6. The indictment here alleged that Appellant entered the Neighbors' building with the intent to commit theft.
7. Appellant's counsel argued during opening statement and closing arguments that the State had no evidence that Appellant had actually entered the game room. He pointed out that neither of the Neighbors had actually observed Appellant inside the game room, only that they found Appellant outside the game room, and that this evidence was not sufficient to prove entry. The State relied on the two officers at the scene, who testified that Appellant admitted to them that he had been inside the building. This evidence was sufficient to establish entry. See Williams v. State, 643 S.W.2d 477, 482 (Tex.App. – Austin 1982, no pet.) (an admission can constitute direct evidence of an offense); see also Martinez v. State, 304 S.W.3d 642, 660 (Tex.App. – Amarillo 2010, pet. ref'd) (the entry element of a burglary offense does not require direct evidence, and may instead be proven by inferences, just as inferences may be used to prove the elements of any other offense).

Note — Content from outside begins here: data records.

(* For every $k\ge1$, $n\ge0$ and nonnegative integers $m_1,\dots,m_k$, $$\mathcal D^{ss}_k(m_1,\dots,m_k;n)=N\Big(\sum_{i=1}^k m_i+k-1;\,n\Big).$$
   Context: A partition is a finite nonincreasing sequence $\lambda=(\lambda_1,\dots,\lambda_r)$ of positive integers (the empty partition is allowed); $l(\lambda)=r$, $|\lambda|=\sum_i\lambda_i$, $\lambda_1$ the largest part. For integers $m$ and $n\ge0$, $N(m;n)$ is the number of partitions $\lambda$ of $n$ with $\lambda_1-l(\lambda)=m$ (the empty partition of $0$ having rank $0$). Let $k\ge1$. A $k$-marked Durfee symbol of $n$ is an array $\eta=\begin{pmatrix}\alpha^k,&\dots,&\alpha^1\\ \beta^k,&\dots,&\beta^1\end{pmatrix}_D$ consisting of an integer $D\ge0$ and $2k$ partitions $\alpha^i,\beta^i$ with $\sum_{i=1}^k(|\alpha^i|+|\beta^i|)+D^2=n$, such that: (1) $\alpha^i$ is nonempty for $1\le i<k$; (2) for $1\le i<k$ every part of $\beta^i$ is $\le\alpha^i_1$, and for $2\le i\le k$ every part of $\alpha^i$ and every part of $\beta^i$ is $\ge\alpha^{i-1}_1$; (3) all parts of $\alpha^k$ and $\beta^k$ are $\le D$. The pair $(\alpha^i,\beta^i)$ is the $i$th vector. The $i$th rank is $\rho_i(\eta)=l(\alpha^i)-l(\beta^i)-1$ for $1\le i<k$ and $\rho_k(\eta)=l(\alpha^k)-l(\beta^k)$. A pair of partitions $(\alpha,\beta)$ is strict shifted if $l(\alpha)>l(\beta)$ and $\alpha_{i+1}>\beta_i$ for $1\le i\le l(\beta)$. A $k$-marked Durfee symbol is strict shifted if each of its vectors $(\alpha^i,\beta^i)$ with $1\le i\le k-1$ is strict shifted. $\mathcal D^{ss}_k(m_1,\dots,m_k;n)$ denotes the number of $k$-marked strict shifted Durfee symbols of $n$ with $i$th rank $m_i$ for all $i$. *)

From mathcomp Require Import all_boot all_order all_algebra.
Set Implicit Arguments. Unset Strict Implicit. Unset Printing Implicit Defensive.
Import GRing.Theory Num.Theory.

Definition is_partition (s : seq nat) : bool :=
  sorted geq s && all (fun x => 0 < x) s.

Definition largest (s : seq nat) : nat := head 0 s.

Definition prank (s : seq nat) : int := (Posz (largest s) - Posz (size s))%R.
(** Along [y = e^{i theta}] the principal curvatures of [M_y] in the sphere are
    [- cot (theta - k pi / g)].  The cotangent sums
    [sum_{j=1..p} cot (x - j pi / p) = p cot (p x)] and
    [sum_{j=1..p} cot^2 (x - j pi / p) = p^2 / sin^2 (p x) - p] (for [p = 1, 2, 3]),
    applied to the indices of each parity, give
    [h sin (g theta) = - n (cos (g theta) + delta)] for the mean curvature [h] and
    [|A|^2 sin^2 (g theta) = n (g (1 + delta cos (g theta)) - sin^2 (g theta))].
    The first makes [theta' = h] separable, with [(cos (g theta) + delta) e^{-g n t}]
    constant along the flow; the second gives
    [|A|^2 < g n (1 + delta) / sin^2 (g theta) = g (1 + delta) h^2 / (n (cos (g theta) + delta)^2)],
    and the conserved quantity turns the right-hand side into the stated one. *)

From Stdlib Require Import Reals Lra Lia Nsatz.
Open Scope R_scope.

(* [nsatz] leaves an unprovable goal open instead of failing; [solve] turns
   that into a failure, so that the backtracking below works. *)
Ltac polynomial_identity := cbn [pow] in *; solve [nsatz].

(* Clears the denominators of a rational identity; each denominator is nonzero
   because it is a polynomial multiple of a hypothesis [_ <> 0]. *)
Ltac rational_identity :=
  field_simplify_eq;
  [ polynomial_identity
  | repeat split; intro;
    match goal with H : _ <> 0 |- _ => apply H; polynomial_identity end ].

Lemma sin_3a x : sin (3 * x) = sin x * (3 - 4 * sin x ^ 2).
Proof.
  replace (3 * x) with (2 * x + x) by ring.
  rewrite sin_plus, sin_2a, cos_2a_sin.
  pose proof (sin2_cos2 x) as E; unfold Rsqr in E. polynomial_identity.
Qed.
(* Let $\bar\delta,\underline\delta\ge1$ be integers, $\pi$ the switching policy $(\bar\delta,\underline\delta)$, and $N>\max\{\bar\delta,\underline\delta\}$. Let $\nu_{i,j,\delta}$ be the stationary distribution of $\{S_t\}$ under $\pi$ in the original (untruncated) system, and $\nu_{i,j,\delta}(N)$ that of the truncated chain under $\pi$. Then $\nu_{i,j,\delta}(N)=\nu_{i,j,\delta}$ for all $(i,j,\delta)\in\mathcal S_N\setminus\{(1,0,N),(0,1,N)\}$, and $$\nu_{1,0,N}(N)=\frac{\bar qp_f}{1-\bar qp_f}\nu_{1,0,N-1},\qquad \nu_{0,1,N}(N)=\frac{\bar pp_f}{1-\bar pp_f}\nu_{0,1,N-1}.$$ Moreover, $\mathcal L(\pi,N)=\mathcal L(\pi)-\sigma(\pi,N)$, where $$\sigma(\pi,N)=\frac{\beta\nu_{0,0,0}\,p\,\bar q^{N}p_f^{N-\bar\delta+1}}{(1-\bar qp_f)^2}+\frac{(1-\beta)\nu_{1,1,0}\,q\,\bar p^{N}p_f^{N-\underline\delta+1}}{(1-\bar pp_f)^2}.$$
   Context: Fix $p,q\in(0,1)$, $\bar p=1-p$, $\bar q=1-q$. The source $\{X_t\}$ is a Markov chain on $\{0,1\}$ with $\Pr[X_{t+1}=1\mid X_t=0]=p$, $\Pr[X_{t+1}=0\mid X_t=1]=q$; channel i.i.d. Bernoulli with success probability $p_s\in(0,1]$, independent of the source, $p_f=1-p_s$. Estimate dynamics: if $A_t=1$ and the transmission succeeds then $\hat X_{t+1}=X_{t+1}$, otherwise $\hat X_{t+1}=\hat X_t$. Original system: age $\Delta_{t+1}=\Delta_t+1$ if $X_{t+1}\ne\hat X_{t+1}$, else $0$; state $S_t=(X_t,\hat X_t,\Delta_t)\in\mathcal S=\{(0,0,0),(1,1,0)\}\cup\{(1,0,\delta),(0,1,\delta):\delta\ge1\}$, $S_1=(0,0,0)$. Truncated system with level $N$: age $\Delta_{t+1}=\min(\Delta_t+1,N)$ if $X_{t+1}\ne\hat X_{t+1}$, else $0$; state space $\mathcal S_N=\{(0,0,0),(1,1,0)\}\cup\{(1,0,\delta),(0,1,\delta):1\le\delta\le N\}$. In both, per-state cost $c(s)=\beta\delta$ for $s=(1,0,\delta)$, $(1-\beta)\delta$ for $s=(0,1,\delta)$, $0$ for synced states, $\beta\in[0,1]$; per-stage cost $\ell(s,a)=\mathbb E[c(S_{t+1})\mid S_t=s,A_t=a]+\lambda\mathbb 1\{a=1\}$, $\lambda\ge0$; $\mathcal L(\pi)$ and $\mathcal L(\pi,N)$ denote the average costs $\limsup_{T\to\infty}\frac1T\sum_{t=1}^T\mathbb E^\pi[\ell(S_t,A_t)\mid S_1=(0,0,0)]$ in the original and truncated systems, respectively. For integers $\bar\delta,\underline\delta\ge1$, the switching policy $(\bar\delta,\underline\delta)$ transmits iff $S_t=(1,0,\delta)$ with $\delta\ge\bar\delta$ or $S_t=(0,1,\delta)$ with $\delta\ge\underline\delta$. *)

From Stdlib Require Import Reals Lra Bool Arith.
From Coquelicot Require Import Coquelicot.
Open Scope R_scope.

(** States (i, j, delta) with i = X_t, j = \hat X_t encoded as booleans
    (false = 0, true = 1).  The valid states are described by [in_orig]
    and [in_trunc]; values of functions at other triples are never used. *)
Definition state : Type := (bool * bool * nat)%type.

Definition state_eqb (s t : state) : bool :=
  match s, t with
  | (a, b, c), (a', b', c') => Bool.eqb a a' && Bool.eqb b b' && Nat.eqb c c'
  end.

Definition ind (s' : state) (s : state) : R := if state_eqb s s' then 1 else 0.

Definition in_orig (s : state) : Prop :=
  s = (false, false, 0%nat) \/ s = (true, true, 0%nat) \/
  exists d : nat, (1 <= d)%nat /\ (s = (true, false, d) \/ s = (false, true, d)).

Definition in_trunc (N : nat) (s : state) : Prop :=
  s = (false, false, 0%nat) \/ s = (true, true, 0%nat) \/
  exists d : nat, (1 <= d <= N)%nat /\ (s = (true, false, d) \/ s = (false, true, d)).

Definition src (p q : R) (x x' : bool) : R :=
  match x, x' with
  | false, false => 1 - p
  | false, true => p
  | true, false => q
  | true, true => 1 - q
  end.

(** next state given X_{t+1} = x', \hat X_{t+1} = xh', previous age d;
    [age] is the age-update map (S for the original system,
    fun d => min (d+1) N for the truncated one). *)
Definition next (age : nat -> nat) (x' xh' : bool) (d : nat) : state :=
  if Bool.eqb x' xh' then (x', xh', 0%nat) else (x', xh', age d).

Definition age_orig (d : nat) : nat := S d.
Definition age_trunc (N : nat) (d : nat) : nat := Nat.min (S d) N.

(** E[g(S_{t+1}) | S_t = s, A_t = a]; ps = success probability, pf = 1 - ps *)
Definition Enext (p q ps : R) (age : nat -> nat) (a : bool) (s : state)
  (g : state -> R) : R :=
  let '(x, xh, d) := s in
  let out (x' : bool) : R :=
    if a then ps * g (next age x' x' d) + (1 - ps) * g (next age x' xh d)
    else g (next age x' xh d) in
  src p q x false * out false + src p q x true * out true.

Definition trans (p q ps : R) (age : nat -> nat) (a : bool) (s s' : state) : R :=
  Enext p q ps age a s (ind s').

Definition switching (dbar dund : nat) (s : state) : bool :=
  match s with
  | (true, false, d) => Nat.leb dbar d
  | (false, true, d) => Nat.leb dund d
  | _ => false
  end.

Definition cost (beta : R) (s : state) : R :=
  match s with
  | (true, false, d) => beta * INR d
  | (false, true, d) => (1 - beta) * INR d
  | _ => 0
  end.

Definition stage (p q ps : R) (age : nat -> nat) (beta lam : R)
  (s : state) (a : bool) : R :=
  Enext p q ps age a s (cost beta) + (if a then lam else 0).

Definition sum_orig (f : state -> R) : R :=
  f (false, false, 0%nat) + f (true, true, 0%nat)
  + Series (fun k => f (true, false, S k)) + Series (fun k => f (false, true, S k)).

Definition summable_orig (f : state -> R) : Prop :=
  ex_series (fun k => f (true, false, S k)) /\ ex_series (fun k => f (false, true, S k)).

Fixpoint rsum (n : nat) (f : nat -> R) : R :=
  match n with
  | O => 0
  | S n' => rsum n' f + f n'
  end.

Definition sum_trunc (N : nat) (f : state -> R) : R :=
  f (false, false, 0%nat) + f (true, true, 0%nat)
  + rsum N (fun k => f (true, false, S k)) + rsum N (fun k => f (false, true, S k)).

Definition stationary_orig (p q ps : R) (dbar dund : nat) (nu : state -> R) : Prop :=
  (forall s, in_orig s -> 0 <= nu s) /\ summable_orig nu /\ sum_orig nu = 1 /\
  forall s', in_orig s' ->
    nu s' = sum_orig (fun s => nu s * trans p q ps age_orig (switching dbar dund s) s s').

Definition stationary_trunc (p q ps : R) (N dbar dund : nat) (nu : state -> R) : Prop :=
  (forall s, in_trunc N s -> 0 <= nu s) /\ sum_trunc N nu = 1 /\
  forall s', in_trunc N s' ->
    nu s' = sum_trunc N (fun s => nu s * trans p q ps (age_trunc N) (switching dbar dund s) s s').

(** distribution of S_{t+1} (t = 0 is time 1, S_1 = (0,0,0)) *)
Fixpoint dist (sum : (state -> R) -> R) (K : state -> state -> R) (t : nat)
  : state -> R :=
  match t with
  | O => ind (false, false, 0%nat)
  | S t' => fun s' => sum (fun s => dist sum K t' s * K s s')
  end.

Definition avg_cost (sum : (state -> R) -> R) (age : nat -> nat)
  (p q ps beta lam : R) (pi : state -> bool) : Rbar :=
  let K := fun s s' => trans p q ps age (pi s) s s' in
  LimSup_seq (fun T => / INR (S T) *
    sum_f_R0 (fun t => sum (fun s => dist sum K t s * stage p q ps age beta lam s (pi s))) T).

Definition L_orig (p q ps beta lam : R) (dbar dund : nat) : Rbar :=
  avg_cost sum_orig age_orig p q ps beta lam (switching dbar dund).

Definition L_trunc (p q ps beta lam : R) (N dbar dund : nat) : Rbar :=
  avg_cost (sum_trunc N) (age_trunc N) p q ps beta lam (switching dbar dund).

From Stdlib Require Import Reals Arith Lra Lia FunctionalExtensionality.
From Coquelicot Require Import Coquelicot.
Open Scope R_scope.

(* The truncated chain is the original one with every state (b, ~b, d), d >= N, lumped into
   (b, ~b, N): with both thresholds below N, all these states transmit and age with the same
   probabilities, so lumping commutes with one step of the dynamics ([inflow_lump]).

   Hence the lumped stationary distribution of the original chain is stationary for the truncated
   one, and it is the only one: invariance determines every state from the two synchronised ones
   through an explicit age profile, and the remaining 2x2 linear system is nonsingular.  The tail of
   the original stationary distribution is geometric with ratio (1 - q) p_f, resp. (1 - p) p_f, which
   gives the mass at age N.

   Lumping also commutes with the distributions at each time t, so the expected stage costs of the
   two systems differ only through the ages lost beyond N, that is, by r times the first moments of
   the tails.  These satisfy m_(t+1) = r m_t + P(S_(t+1) = (b, ~b, N)), so their Cesaro means converge
   to nu_(b,~b,N)(N) / (1 - r): Cesaro means of the truncated chain are asymptotically invariant, and
   the uniqueness argument shows that every asymptotically invariant sequence of probability vectors
   converges to the stationary distribution. *)

Lemma rsum_ext n f g : (forall k, (k < n)%nat -> f k = g k) -> rsum n f = rsum n g.
Proof.
  induction n as [|n IH]; intros H; simpl; [reflexivity|].
  rewrite IH by (intros; apply H; lia). rewrite H by lia. reflexivity.
Qed.

Lemma rsum_plus n f g : rsum n (fun k => f k + g k) = rsum n f + rsum n g.
Proof. induction n as [|n IH]; simpl; [ring|]. rewrite IH. ring. Qed.

Lemma rsum_scal n c f : rsum n (fun k => c * f k) = c * rsum n f.
Proof. induction n as [|n IH]; simpl; [ring|]. rewrite IH. ring. Qed.

Lemma rsum_eq0 n f : (forall k, (k < n)%nat -> f k = 0) -> rsum n f = 0.
Proof.
  induction n as [|n IH]; intros H; simpl; [reflexivity|].
  rewrite IH by (intros; apply H; lia). rewrite H by lia. ring.
Qed.

Lemma rsum_add n m f : rsum (n + m) f = rsum n f + rsum m (fun k => f (n + k)%nat).
Proof.
  induction m as [|m IH]; simpl; [rewrite Nat.add_0_r; ring|].
  rewrite Nat.add_succ_r. simpl. rewrite IH. ring.
Qed.

Lemma rsum_succ_l n f : rsum (S n) f = f O + rsum n (fun k => f (S k)).
Proof. induction n as [|n IH]; simpl in *; [ring|]. rewrite IH. ring. Qed.

Lemma rsum_single n f j : (j < n)%nat -> (forall k, (k < n)%nat -> k <> j -> f k = 0) ->
  rsum n f = f j.
Proof.
  induction n as [|n IH]; intros Hj H; [lia|]. simpl.
  destruct (Nat.eq_dec j n) as [->|Hne].
  - rewrite rsum_eq0; [ring|]. intros k Hk. apply H; lia.
  - rewrite IH by (lia || (intros; apply H; lia)). rewrite (H n) by lia. ring.
Qed.

Lemma rsum_nonneg n f : (forall k, (k < n)%nat -> 0 <= f k) -> 0 <= rsum n f.
Proof.
  induction n as [|n IH]; intros H; simpl; [lra|].
  pose proof (H n ltac:(lia)). pose proof (IH ltac:(intros; apply H; lia)). lra.
Qed.

Lemma rsum_ge_term n f j : (j < n)%nat -> (forall k, (k < n)%nat -> 0 <= f k) -> f j <= rsum n f.
Proof.
  intros Hj H. replace n with (j + S (n - S j))%nat by lia.
  rewrite rsum_add, rsum_succ_l, Nat.add_0_r.
  pose proof (rsum_nonneg j f ltac:(intros; apply H; lia)).
  pose proof (rsum_nonneg (n - S j) (fun k => f (j + S k)%nat) ltac:(intros; apply H; lia)). lra.
Qed.

Lemma rsum_comm n m (f : nat -> nat -> R) :
  rsum n (fun i => rsum m (fun j => f i j)) = rsum m (fun j => rsum n (fun i => f i j)).
Proof.
  induction n as [|n IH]; simpl.
  - symmetry. apply rsum_eq0. reflexivity.
  - rewrite IH, <- rsum_plus. reflexivity.
Qed.

Lemma sum_f_R0_rsum a n : sum_f_R0 a n = rsum (S n) a.
Proof. induction n as [|n IH]; simpl; [ring|]. rewrite IH. reflexivity. Qed.

Lemma sum_f_R0_telescope (a : nat -> R) T : sum_f_R0 (fun t => a t - a (S t)) T = a O - a (S T).
Proof. induction T as [|T IH]; simpl; [ring|]. rewrite IH. ring. Qed.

8. Section 2.05(a) provides in relevant part that “when this code or another penal law establishes a presumption with respect to any fact, it has the following consequences: (1) if there is sufficient evidence of the facts that give rise to the presumption, the issue of the existence of the presumed fact must be submitted to the jury ․ and (2) if the existence of the presumed fact is submitted to the jury, the court shall charge the jury ․ (A) that the facts giving rise to the presumption must be proven beyond a reasonable doubt; (B) that if such facts are proven beyond a reasonable doubt the jury may find that the element of the offense sought to be presumed exists, but it is not bound to so find; (C) that even though the jury may find the existence of such element, the state must prove beyond a reasonable doubt each of the other elements of the offense charged; and (D) if the jury has a reasonable doubt as to the existence of a fact or facts giving rise to the presumption, the presumption fails and the jury shall not consider the presumption for any purpose.” TEX. PENAL CODE ANN. § 2.05 (West 2011).
9. Appellant appears to be confusing the concept of a jury's right to infer the element of intent from the totality of the evidence presented at trial, with a statutory mandate allowing a jury to presume an element from a specific set of facts. As the Court of Criminal Appeals has explained, when a Code provides for a presumed fact, a jury may find that the element of the offense sought to be presumed exists, but it is not bound to find so; in contrast, an inference is a conclusion reached by considering other facts and deducing a logical consequence from them. Hooper v. State, 214 S.W.3d 9, 16 (Tex.Crim.App. 2007).